Retype, word for word, every line from the one holding "(forall k, Bstar" through the one holding "have [h Bt_sub]" in the entries below, both included, and only those lines.

[Source material — start]

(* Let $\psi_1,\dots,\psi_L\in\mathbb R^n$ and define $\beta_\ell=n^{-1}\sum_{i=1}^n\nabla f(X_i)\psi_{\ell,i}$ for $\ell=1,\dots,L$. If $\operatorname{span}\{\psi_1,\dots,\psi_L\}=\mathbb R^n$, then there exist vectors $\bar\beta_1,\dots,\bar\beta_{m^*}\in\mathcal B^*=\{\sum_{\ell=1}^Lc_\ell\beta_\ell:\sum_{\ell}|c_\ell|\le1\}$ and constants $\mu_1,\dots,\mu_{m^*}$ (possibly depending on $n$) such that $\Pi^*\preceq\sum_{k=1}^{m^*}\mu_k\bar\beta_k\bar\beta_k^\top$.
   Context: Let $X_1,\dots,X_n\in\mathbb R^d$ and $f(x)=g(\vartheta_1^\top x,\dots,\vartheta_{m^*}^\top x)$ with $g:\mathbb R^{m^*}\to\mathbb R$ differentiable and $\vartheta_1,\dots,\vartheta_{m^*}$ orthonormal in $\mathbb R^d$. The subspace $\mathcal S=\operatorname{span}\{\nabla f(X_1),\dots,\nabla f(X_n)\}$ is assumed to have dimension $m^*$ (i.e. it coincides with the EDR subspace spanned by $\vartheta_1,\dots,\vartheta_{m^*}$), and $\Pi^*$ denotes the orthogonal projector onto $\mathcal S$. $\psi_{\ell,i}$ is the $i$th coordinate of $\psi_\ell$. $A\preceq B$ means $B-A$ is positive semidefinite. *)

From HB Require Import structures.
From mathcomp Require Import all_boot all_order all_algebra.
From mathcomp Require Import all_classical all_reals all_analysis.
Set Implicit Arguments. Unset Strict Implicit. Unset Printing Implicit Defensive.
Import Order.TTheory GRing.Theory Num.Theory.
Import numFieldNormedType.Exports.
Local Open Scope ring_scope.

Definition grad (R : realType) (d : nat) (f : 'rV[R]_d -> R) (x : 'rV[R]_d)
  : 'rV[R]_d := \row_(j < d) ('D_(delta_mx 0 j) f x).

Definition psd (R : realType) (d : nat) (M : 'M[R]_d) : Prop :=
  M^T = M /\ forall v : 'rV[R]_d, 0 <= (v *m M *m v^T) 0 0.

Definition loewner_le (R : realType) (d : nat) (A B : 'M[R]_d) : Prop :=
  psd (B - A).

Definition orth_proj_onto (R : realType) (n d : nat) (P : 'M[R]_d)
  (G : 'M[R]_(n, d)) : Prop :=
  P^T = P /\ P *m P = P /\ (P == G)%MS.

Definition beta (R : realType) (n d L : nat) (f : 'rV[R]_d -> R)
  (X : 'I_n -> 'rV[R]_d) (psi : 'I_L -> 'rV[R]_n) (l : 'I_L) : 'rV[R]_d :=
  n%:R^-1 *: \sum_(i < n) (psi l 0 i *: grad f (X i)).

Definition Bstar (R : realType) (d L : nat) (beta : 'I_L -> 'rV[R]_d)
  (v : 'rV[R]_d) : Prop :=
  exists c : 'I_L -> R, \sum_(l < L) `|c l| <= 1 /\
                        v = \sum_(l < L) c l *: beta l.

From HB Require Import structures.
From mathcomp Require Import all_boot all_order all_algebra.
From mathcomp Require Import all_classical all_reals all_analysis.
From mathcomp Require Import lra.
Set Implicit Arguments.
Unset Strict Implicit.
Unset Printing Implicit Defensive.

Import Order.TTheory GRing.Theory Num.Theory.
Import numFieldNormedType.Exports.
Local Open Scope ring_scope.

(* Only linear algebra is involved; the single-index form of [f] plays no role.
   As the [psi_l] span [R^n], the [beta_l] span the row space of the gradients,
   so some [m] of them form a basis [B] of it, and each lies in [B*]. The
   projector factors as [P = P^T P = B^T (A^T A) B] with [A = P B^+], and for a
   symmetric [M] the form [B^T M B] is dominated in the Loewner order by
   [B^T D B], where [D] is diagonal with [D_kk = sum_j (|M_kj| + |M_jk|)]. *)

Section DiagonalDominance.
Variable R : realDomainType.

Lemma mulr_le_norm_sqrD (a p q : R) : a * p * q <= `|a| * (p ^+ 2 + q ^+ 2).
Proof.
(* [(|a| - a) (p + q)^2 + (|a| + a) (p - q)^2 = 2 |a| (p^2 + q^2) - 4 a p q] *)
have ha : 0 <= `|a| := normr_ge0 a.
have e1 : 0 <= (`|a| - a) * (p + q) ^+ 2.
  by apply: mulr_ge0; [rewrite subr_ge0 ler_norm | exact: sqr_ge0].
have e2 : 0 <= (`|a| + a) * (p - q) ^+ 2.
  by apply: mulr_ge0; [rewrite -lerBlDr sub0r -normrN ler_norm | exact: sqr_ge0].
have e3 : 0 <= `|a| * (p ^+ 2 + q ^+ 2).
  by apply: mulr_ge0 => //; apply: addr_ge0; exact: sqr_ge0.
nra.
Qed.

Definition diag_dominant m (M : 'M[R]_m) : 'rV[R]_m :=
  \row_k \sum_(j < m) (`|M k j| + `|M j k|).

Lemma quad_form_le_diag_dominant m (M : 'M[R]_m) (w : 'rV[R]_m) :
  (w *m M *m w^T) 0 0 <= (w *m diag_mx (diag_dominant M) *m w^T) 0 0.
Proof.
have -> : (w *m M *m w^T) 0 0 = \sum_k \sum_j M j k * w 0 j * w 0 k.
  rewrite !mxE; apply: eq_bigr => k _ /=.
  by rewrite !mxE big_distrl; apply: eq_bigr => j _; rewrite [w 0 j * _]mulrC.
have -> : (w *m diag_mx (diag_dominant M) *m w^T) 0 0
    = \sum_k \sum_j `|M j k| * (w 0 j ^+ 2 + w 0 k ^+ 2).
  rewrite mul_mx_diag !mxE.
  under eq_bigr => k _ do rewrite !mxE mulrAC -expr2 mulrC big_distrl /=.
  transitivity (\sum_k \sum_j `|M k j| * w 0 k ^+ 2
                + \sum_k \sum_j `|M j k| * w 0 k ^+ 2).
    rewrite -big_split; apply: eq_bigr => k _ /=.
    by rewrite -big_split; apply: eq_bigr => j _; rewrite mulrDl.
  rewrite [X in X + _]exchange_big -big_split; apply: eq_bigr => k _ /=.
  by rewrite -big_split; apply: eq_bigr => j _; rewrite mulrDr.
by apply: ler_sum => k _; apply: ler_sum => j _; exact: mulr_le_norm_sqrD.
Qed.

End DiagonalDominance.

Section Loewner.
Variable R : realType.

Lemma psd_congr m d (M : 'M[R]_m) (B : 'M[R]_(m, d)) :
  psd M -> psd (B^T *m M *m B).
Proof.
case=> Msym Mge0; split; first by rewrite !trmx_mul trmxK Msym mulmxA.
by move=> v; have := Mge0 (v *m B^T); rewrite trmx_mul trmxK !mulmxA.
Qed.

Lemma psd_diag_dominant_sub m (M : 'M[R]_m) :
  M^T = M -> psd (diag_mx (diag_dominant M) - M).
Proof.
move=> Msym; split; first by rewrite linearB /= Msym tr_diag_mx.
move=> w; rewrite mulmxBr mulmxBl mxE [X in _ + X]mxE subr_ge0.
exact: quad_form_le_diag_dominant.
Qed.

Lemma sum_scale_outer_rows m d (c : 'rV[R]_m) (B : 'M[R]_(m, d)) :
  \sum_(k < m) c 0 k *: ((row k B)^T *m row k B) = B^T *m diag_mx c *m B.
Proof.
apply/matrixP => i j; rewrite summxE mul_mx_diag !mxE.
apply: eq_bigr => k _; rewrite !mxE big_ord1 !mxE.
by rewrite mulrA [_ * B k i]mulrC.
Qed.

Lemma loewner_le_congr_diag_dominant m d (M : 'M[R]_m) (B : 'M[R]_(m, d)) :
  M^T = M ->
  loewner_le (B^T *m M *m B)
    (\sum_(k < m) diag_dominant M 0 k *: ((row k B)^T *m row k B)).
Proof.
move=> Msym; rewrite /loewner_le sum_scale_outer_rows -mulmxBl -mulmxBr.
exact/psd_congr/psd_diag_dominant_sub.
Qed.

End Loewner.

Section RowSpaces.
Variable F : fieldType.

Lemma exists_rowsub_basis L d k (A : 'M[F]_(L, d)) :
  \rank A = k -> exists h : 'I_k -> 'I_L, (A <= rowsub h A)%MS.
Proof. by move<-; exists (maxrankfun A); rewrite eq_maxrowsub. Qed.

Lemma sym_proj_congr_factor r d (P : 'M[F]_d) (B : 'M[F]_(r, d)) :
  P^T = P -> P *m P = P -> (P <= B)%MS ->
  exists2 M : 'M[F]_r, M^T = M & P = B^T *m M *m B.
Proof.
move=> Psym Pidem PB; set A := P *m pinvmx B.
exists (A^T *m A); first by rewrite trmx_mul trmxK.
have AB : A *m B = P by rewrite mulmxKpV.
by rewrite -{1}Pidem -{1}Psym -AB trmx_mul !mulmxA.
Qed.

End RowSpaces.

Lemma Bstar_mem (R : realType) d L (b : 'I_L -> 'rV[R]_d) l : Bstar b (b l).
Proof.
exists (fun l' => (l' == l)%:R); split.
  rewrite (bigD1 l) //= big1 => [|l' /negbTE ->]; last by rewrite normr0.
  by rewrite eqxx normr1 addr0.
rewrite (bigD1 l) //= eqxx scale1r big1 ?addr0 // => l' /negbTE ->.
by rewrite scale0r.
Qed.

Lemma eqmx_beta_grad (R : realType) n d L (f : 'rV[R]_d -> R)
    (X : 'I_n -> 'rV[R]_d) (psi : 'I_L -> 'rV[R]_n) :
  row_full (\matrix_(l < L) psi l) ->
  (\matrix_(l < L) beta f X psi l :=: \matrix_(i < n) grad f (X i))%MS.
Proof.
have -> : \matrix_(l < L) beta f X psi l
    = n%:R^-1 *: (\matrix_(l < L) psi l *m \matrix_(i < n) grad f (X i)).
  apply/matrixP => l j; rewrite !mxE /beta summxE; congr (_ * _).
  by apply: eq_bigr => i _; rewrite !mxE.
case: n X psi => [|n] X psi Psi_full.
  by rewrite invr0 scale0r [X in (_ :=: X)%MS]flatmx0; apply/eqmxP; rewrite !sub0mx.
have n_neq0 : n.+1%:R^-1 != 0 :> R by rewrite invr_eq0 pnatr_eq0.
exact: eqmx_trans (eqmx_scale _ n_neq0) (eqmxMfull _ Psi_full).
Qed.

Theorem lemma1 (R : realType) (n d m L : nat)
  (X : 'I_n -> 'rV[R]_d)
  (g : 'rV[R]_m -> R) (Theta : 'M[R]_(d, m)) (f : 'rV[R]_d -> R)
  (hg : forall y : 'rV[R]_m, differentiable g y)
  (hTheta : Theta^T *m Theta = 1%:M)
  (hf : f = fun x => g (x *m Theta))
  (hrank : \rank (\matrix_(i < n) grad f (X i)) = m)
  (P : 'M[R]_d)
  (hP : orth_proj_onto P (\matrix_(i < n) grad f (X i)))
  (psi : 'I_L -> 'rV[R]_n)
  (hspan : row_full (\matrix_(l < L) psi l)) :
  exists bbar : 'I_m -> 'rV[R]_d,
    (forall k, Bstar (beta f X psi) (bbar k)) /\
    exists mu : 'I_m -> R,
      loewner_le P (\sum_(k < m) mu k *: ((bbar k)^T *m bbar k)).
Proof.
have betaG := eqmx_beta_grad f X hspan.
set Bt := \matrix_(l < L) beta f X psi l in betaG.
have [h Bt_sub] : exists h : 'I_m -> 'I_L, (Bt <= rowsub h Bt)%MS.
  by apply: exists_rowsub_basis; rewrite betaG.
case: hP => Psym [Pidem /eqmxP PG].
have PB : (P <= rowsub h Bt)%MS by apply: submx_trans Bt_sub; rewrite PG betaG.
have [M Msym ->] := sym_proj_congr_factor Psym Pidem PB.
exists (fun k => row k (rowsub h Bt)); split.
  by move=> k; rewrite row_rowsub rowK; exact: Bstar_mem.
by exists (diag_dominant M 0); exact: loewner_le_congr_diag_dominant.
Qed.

[Source material — finish]

• [Exercise response]
    (forall k, Bstar (beta f X psi) (bbar k)) /\
    exists mu : 'I_m -> R,
      loewner_le P (\sum_(k < m) mu k *: ((bbar k)^T *m bbar k)).
Proof.
have betaG := eqmx_beta_grad f X hspan.
set Bt := \matrix_(l < L) beta f X psi l in betaG.
have [h Bt_sub] : exists h : 'I_m -> 'I_L, (Bt <= rowsub h Bt)%MS.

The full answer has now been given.